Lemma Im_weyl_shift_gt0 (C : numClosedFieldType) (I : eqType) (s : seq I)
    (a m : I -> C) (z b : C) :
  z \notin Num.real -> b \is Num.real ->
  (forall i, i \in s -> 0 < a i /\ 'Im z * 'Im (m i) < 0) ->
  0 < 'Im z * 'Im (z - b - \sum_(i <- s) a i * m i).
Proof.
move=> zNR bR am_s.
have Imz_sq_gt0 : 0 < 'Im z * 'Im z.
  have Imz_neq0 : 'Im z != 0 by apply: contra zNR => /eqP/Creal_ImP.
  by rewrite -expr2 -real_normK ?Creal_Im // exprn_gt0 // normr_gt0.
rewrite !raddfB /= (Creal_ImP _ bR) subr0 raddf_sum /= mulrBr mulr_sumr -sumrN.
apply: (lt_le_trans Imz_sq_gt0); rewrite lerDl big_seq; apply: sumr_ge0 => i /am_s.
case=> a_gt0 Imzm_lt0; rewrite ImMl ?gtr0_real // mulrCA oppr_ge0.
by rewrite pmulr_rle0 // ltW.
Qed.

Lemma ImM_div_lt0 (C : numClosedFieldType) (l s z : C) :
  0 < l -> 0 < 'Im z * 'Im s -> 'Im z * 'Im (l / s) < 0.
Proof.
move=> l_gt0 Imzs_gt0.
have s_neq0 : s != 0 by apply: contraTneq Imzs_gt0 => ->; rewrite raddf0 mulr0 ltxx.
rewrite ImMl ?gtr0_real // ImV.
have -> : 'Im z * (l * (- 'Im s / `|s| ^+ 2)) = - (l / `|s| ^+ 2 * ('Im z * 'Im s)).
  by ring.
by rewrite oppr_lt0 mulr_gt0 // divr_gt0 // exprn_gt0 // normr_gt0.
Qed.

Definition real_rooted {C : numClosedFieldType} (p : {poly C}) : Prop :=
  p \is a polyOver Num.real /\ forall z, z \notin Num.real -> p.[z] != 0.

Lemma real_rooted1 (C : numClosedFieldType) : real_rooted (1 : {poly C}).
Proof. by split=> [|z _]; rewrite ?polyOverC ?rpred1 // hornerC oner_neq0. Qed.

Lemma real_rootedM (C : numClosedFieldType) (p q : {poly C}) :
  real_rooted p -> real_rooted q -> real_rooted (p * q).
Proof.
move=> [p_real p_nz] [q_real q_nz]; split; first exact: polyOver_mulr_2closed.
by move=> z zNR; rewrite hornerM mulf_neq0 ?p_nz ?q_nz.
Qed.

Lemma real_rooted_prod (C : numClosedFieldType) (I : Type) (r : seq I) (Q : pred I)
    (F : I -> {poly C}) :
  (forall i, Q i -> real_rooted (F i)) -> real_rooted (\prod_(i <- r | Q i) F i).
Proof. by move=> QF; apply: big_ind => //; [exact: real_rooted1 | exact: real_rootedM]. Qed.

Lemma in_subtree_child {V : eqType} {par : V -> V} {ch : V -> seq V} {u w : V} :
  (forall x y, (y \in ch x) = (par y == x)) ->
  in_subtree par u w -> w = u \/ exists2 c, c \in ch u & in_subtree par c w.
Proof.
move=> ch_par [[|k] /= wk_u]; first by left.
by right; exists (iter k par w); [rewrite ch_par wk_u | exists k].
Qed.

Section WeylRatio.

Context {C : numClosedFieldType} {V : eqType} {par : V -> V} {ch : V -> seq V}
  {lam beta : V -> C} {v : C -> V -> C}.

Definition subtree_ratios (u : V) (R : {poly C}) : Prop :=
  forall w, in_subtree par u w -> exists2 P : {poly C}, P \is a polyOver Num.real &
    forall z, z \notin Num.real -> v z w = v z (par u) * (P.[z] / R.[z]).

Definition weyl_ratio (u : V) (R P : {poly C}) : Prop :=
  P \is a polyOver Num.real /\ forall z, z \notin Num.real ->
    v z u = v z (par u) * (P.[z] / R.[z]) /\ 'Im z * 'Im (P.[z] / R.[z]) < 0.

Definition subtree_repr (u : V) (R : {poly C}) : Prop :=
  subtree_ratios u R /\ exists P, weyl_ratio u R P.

------------------------

→ Task to complete:
Your output should start at the line containing "Definition subtree_ratios (u" and stop at the last line of the material, copied exactly, with nothing else.

→ Solution to the exercise:
Definition subtree_ratios (u : V) (R : {poly C}) : Prop :=
  forall w, in_subtree par u w -> exists2 P : {poly C}, P \is a polyOver Num.real &
    forall z, z \notin Num.real -> v z w = v z (par u) * (P.[z] / R.[z]).

Definition weyl_ratio (u : V) (R P : {poly C}) : Prop :=
  P \is a polyOver Num.real /\ forall z, z \notin Num.real ->
    v z u = v z (par u) * (P.[z] / R.[z]) /\ 'Im z * 'Im (P.[z] / R.[z]) < 0.

Definition subtree_repr (u : V) (R : {poly C}) : Prop :=
  subtree_ratios u R /\ exists P, weyl_ratio u R P.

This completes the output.